**AVAILABLE DATA**
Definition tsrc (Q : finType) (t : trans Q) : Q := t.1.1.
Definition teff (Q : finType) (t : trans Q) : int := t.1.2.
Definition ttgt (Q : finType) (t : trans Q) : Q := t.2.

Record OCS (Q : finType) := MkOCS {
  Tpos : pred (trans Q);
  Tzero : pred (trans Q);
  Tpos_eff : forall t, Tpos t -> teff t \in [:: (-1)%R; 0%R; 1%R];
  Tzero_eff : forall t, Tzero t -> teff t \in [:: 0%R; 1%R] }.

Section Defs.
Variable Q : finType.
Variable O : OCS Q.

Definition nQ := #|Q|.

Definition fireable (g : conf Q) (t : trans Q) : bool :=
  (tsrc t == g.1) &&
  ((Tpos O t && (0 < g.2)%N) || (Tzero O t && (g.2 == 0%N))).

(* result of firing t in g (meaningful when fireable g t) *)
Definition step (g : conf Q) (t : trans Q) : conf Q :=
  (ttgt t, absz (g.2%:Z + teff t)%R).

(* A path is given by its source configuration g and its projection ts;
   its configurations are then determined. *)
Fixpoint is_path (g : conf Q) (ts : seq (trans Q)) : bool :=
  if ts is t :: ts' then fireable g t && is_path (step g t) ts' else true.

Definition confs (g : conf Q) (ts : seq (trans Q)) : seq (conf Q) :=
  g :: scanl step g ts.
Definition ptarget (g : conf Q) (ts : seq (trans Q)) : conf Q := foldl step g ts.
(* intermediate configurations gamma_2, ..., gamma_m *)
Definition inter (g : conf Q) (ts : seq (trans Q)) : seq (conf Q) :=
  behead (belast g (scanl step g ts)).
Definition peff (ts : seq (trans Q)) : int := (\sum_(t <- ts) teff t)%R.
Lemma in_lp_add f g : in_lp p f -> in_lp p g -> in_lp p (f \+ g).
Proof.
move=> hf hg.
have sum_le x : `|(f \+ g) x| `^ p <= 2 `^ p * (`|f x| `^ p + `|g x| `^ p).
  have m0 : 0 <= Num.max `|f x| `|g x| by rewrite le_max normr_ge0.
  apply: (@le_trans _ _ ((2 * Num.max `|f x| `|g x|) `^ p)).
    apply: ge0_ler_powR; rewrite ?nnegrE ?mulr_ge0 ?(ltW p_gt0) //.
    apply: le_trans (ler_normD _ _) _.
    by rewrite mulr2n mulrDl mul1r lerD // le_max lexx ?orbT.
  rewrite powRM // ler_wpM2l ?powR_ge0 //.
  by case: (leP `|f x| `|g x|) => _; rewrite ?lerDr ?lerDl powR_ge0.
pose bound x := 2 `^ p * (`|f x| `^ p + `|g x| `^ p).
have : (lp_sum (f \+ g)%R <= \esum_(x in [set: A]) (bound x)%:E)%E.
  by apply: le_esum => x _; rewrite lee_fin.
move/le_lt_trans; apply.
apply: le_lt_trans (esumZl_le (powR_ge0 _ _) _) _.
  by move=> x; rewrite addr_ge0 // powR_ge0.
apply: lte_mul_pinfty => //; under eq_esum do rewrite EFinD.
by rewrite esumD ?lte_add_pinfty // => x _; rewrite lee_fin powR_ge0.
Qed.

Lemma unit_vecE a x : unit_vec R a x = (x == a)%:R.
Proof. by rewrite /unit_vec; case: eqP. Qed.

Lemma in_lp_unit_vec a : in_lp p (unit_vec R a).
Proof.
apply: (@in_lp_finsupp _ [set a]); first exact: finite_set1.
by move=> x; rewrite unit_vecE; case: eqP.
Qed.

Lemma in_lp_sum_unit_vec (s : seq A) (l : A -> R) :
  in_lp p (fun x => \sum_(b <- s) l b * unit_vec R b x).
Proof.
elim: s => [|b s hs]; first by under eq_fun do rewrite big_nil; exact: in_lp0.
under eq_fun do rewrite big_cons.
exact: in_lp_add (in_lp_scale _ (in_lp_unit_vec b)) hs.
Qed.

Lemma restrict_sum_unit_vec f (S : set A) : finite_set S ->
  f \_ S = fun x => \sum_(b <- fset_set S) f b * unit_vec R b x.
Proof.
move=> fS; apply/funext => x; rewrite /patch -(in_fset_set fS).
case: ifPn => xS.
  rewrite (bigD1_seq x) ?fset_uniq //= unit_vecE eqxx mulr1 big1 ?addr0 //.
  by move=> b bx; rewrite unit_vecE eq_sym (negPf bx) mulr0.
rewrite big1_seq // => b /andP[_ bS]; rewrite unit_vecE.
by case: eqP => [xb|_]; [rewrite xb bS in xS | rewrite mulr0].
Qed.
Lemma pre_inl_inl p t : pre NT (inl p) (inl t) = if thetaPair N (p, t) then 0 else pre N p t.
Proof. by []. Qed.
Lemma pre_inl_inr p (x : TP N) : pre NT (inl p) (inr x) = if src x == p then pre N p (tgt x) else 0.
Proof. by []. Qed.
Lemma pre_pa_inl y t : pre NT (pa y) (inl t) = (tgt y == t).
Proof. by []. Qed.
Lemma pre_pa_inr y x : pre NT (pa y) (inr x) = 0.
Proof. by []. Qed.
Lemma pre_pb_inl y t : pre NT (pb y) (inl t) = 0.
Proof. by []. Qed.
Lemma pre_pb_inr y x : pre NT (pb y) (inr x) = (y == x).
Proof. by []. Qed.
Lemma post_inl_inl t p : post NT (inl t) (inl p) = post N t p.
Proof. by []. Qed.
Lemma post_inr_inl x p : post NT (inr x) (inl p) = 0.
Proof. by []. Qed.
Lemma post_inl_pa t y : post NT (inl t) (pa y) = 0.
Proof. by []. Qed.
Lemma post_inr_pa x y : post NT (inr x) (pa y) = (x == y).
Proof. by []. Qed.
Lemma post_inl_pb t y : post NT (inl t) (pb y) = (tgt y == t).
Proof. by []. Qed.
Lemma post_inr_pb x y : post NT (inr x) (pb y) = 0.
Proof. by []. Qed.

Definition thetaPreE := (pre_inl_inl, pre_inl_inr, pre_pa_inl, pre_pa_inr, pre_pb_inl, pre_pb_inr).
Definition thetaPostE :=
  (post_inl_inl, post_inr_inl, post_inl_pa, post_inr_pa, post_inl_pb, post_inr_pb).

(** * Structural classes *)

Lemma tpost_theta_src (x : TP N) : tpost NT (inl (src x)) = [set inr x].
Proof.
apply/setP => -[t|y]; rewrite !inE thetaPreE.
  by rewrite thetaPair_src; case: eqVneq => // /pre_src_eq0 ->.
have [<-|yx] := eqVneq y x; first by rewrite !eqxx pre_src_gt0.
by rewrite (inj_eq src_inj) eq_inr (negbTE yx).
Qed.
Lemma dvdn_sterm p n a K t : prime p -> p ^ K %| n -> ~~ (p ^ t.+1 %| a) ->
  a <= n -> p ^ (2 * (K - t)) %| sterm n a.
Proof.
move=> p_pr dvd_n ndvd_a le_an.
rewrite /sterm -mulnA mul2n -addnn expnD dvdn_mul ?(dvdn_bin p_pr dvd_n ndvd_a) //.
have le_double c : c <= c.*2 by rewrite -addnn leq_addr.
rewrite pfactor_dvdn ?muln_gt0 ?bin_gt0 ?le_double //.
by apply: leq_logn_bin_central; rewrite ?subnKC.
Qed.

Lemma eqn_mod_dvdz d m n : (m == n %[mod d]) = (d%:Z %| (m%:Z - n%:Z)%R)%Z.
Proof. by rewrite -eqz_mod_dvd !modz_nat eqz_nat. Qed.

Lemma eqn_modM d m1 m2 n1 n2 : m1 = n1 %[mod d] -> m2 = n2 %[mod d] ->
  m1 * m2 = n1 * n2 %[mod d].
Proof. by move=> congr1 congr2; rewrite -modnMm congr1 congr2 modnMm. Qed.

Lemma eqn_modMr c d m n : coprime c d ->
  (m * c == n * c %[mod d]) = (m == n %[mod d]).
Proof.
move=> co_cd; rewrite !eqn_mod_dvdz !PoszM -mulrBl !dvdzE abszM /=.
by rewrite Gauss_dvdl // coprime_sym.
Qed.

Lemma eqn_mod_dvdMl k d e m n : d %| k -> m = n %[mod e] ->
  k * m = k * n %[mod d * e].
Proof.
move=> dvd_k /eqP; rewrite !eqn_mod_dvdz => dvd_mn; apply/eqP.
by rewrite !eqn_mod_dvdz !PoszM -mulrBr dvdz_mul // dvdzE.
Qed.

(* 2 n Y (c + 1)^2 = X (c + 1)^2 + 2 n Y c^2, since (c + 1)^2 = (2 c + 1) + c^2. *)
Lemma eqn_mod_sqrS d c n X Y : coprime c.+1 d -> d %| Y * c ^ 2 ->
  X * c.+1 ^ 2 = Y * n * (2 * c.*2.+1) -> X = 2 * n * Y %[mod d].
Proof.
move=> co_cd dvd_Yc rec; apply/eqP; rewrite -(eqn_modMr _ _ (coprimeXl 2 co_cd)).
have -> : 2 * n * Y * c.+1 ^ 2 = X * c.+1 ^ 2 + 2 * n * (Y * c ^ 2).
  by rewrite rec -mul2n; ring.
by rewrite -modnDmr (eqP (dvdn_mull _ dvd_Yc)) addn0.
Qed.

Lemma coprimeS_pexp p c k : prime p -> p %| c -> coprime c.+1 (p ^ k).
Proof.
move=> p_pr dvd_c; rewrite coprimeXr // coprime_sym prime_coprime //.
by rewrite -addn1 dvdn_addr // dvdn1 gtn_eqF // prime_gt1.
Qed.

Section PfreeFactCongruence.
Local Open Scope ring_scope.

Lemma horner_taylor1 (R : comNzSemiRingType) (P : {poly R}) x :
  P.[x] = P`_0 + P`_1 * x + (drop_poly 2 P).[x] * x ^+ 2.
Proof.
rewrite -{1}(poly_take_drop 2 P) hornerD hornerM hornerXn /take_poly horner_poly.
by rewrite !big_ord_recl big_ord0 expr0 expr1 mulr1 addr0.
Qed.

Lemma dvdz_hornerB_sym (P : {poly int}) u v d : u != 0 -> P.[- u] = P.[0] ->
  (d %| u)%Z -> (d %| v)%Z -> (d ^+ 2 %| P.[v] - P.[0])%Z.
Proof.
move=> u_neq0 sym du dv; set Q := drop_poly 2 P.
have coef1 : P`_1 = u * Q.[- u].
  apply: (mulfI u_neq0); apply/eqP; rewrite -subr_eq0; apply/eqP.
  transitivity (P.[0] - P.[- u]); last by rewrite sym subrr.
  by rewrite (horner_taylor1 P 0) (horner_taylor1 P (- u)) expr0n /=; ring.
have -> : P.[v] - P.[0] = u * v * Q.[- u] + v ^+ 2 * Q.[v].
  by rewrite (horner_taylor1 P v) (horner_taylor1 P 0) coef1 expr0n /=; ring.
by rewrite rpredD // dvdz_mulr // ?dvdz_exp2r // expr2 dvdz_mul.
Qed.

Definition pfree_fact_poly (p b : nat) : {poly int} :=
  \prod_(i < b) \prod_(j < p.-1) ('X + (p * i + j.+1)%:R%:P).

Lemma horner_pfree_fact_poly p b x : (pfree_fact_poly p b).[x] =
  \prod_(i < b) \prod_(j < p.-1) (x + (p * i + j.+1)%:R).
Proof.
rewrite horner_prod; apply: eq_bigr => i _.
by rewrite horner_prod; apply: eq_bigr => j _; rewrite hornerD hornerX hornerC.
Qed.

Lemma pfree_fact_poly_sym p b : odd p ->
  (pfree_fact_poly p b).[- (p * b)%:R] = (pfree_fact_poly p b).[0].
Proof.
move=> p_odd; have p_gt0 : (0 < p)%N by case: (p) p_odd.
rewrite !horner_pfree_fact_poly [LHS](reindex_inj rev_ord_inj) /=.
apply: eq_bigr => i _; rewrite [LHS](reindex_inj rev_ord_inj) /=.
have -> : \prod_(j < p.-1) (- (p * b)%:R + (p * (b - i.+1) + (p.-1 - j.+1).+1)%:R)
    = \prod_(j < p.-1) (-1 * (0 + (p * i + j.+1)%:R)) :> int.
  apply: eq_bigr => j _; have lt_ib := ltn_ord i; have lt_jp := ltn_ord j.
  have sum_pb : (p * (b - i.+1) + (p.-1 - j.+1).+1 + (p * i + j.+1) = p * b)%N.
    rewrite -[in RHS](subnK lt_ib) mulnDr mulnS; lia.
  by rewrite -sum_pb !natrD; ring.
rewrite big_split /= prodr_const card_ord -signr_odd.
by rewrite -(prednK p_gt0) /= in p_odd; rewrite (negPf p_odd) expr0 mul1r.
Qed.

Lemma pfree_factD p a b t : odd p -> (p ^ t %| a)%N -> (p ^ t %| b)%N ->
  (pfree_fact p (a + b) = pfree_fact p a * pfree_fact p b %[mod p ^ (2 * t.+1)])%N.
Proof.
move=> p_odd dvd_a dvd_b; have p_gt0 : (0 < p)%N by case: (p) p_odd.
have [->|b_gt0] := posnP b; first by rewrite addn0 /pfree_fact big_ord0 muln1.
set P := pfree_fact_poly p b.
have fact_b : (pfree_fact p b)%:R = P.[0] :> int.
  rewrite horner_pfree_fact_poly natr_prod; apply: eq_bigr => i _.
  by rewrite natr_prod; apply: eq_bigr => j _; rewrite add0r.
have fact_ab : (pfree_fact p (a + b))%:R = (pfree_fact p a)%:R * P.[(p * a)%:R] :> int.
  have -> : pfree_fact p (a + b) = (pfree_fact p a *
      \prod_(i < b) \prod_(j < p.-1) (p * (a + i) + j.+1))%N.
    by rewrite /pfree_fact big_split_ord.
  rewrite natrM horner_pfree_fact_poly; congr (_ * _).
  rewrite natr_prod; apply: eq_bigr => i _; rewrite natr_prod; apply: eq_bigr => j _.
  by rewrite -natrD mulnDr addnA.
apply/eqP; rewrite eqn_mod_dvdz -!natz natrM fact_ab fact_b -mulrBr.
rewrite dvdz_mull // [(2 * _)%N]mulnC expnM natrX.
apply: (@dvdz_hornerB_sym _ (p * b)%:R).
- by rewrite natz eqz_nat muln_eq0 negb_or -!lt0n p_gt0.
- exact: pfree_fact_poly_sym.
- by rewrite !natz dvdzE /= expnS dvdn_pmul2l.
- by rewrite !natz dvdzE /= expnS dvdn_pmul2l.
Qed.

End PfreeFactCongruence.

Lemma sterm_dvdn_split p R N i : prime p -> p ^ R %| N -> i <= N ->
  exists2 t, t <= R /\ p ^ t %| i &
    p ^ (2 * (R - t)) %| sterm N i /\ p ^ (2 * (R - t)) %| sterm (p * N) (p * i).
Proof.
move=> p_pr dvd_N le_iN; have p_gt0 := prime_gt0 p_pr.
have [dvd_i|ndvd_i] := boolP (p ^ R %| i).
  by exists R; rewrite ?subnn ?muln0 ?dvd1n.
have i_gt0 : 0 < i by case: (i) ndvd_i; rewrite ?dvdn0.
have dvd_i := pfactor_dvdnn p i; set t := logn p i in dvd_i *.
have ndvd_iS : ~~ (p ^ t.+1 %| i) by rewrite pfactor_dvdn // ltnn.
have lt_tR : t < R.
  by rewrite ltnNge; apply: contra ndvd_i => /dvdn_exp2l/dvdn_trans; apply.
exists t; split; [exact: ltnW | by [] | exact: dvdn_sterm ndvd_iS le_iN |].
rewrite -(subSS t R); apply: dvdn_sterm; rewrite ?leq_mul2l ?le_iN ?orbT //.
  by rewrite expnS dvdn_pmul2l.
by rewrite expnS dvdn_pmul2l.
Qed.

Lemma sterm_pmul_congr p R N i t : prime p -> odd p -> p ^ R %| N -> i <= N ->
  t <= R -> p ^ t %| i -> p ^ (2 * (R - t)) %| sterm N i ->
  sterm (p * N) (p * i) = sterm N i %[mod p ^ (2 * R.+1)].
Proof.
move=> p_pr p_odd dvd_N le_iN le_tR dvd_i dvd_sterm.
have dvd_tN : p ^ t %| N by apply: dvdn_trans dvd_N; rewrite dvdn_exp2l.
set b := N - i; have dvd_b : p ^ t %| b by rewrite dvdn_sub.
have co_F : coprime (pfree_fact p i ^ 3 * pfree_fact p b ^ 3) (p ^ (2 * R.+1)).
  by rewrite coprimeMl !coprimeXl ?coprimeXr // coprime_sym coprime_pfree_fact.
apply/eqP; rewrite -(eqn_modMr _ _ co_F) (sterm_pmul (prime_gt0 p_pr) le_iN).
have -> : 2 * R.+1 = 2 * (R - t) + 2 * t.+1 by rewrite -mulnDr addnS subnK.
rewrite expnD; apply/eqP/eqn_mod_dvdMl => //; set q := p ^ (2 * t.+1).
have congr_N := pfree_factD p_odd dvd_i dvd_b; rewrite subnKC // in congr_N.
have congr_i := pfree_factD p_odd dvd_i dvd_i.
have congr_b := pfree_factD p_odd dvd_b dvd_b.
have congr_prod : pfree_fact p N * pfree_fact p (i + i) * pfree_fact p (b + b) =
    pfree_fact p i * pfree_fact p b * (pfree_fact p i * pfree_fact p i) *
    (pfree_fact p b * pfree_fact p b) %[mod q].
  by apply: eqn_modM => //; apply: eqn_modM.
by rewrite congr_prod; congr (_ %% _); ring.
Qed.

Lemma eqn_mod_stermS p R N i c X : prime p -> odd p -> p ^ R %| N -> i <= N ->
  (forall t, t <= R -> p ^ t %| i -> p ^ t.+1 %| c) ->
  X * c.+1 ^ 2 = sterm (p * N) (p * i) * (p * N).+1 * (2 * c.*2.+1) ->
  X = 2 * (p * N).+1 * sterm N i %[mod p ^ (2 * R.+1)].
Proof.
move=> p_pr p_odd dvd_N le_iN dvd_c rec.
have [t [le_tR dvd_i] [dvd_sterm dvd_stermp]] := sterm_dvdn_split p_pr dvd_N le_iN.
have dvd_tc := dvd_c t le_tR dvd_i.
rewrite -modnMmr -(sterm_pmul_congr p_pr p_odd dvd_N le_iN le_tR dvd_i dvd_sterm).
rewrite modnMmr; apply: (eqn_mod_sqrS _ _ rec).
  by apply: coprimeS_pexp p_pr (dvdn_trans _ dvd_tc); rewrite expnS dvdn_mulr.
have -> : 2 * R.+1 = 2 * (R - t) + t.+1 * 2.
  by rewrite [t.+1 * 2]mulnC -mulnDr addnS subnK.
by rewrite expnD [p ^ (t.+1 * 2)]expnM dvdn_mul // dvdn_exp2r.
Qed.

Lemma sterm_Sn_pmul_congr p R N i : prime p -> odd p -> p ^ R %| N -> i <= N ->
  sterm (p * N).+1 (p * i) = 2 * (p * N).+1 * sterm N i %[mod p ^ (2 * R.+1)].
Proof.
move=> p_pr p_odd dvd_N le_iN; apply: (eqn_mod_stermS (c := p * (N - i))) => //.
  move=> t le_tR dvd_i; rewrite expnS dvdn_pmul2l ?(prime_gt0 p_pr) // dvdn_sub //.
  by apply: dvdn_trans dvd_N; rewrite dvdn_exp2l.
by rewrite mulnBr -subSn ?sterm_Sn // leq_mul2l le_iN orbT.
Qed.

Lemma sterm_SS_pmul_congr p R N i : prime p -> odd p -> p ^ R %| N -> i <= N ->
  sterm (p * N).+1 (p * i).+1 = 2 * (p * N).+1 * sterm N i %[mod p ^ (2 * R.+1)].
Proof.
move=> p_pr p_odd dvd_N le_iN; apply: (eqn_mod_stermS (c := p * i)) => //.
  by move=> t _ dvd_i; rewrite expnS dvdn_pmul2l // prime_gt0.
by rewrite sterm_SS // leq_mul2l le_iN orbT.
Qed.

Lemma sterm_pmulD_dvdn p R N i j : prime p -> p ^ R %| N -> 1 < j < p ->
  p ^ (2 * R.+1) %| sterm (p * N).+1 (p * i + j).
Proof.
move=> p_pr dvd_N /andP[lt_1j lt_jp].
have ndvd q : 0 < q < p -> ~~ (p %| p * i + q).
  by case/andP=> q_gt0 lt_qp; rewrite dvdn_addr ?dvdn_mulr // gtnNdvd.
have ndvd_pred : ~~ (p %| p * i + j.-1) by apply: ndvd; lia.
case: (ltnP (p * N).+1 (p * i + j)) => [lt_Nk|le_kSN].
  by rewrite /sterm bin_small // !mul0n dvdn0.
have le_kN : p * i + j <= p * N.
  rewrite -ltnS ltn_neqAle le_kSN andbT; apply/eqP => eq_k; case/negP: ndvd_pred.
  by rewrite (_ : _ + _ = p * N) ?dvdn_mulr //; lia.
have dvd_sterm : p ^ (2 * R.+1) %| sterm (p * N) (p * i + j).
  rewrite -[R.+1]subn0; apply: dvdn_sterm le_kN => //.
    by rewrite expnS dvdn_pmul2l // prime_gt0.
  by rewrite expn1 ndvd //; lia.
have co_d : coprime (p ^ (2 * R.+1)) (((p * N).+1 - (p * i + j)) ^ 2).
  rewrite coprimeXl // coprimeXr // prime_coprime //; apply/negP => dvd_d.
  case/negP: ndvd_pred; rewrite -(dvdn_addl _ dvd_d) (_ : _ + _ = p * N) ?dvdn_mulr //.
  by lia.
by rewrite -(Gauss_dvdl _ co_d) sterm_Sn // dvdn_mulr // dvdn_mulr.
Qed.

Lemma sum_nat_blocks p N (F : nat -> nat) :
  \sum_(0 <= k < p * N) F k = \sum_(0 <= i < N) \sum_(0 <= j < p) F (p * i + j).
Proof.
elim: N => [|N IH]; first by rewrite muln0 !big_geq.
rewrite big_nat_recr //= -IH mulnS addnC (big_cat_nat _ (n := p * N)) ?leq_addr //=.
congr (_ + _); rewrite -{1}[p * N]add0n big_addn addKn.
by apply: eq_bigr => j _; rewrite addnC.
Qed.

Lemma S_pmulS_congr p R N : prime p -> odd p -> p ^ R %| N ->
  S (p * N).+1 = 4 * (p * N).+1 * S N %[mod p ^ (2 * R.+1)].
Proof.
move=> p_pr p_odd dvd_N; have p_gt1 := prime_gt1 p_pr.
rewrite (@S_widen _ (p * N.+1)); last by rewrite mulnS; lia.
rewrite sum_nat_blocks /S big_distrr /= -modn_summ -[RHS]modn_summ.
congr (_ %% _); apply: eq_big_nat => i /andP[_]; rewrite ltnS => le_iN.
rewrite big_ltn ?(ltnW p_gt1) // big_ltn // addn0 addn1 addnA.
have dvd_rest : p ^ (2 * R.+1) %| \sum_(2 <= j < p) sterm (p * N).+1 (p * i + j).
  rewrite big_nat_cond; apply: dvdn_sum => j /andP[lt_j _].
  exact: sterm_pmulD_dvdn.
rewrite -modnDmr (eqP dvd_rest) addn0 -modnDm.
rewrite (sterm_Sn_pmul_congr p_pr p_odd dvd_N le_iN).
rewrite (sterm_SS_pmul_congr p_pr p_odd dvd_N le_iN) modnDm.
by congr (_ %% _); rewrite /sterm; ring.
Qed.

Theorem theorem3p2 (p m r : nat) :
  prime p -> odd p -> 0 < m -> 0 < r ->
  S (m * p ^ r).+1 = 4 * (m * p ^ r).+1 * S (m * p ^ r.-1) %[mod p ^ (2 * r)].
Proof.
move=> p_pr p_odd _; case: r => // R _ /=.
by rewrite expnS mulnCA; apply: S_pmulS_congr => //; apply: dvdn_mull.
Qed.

**PROBLEM TO WORK ON**
Give only the number of lines in the material above that hold the word "first".

**THE COMPLETED TASK**
5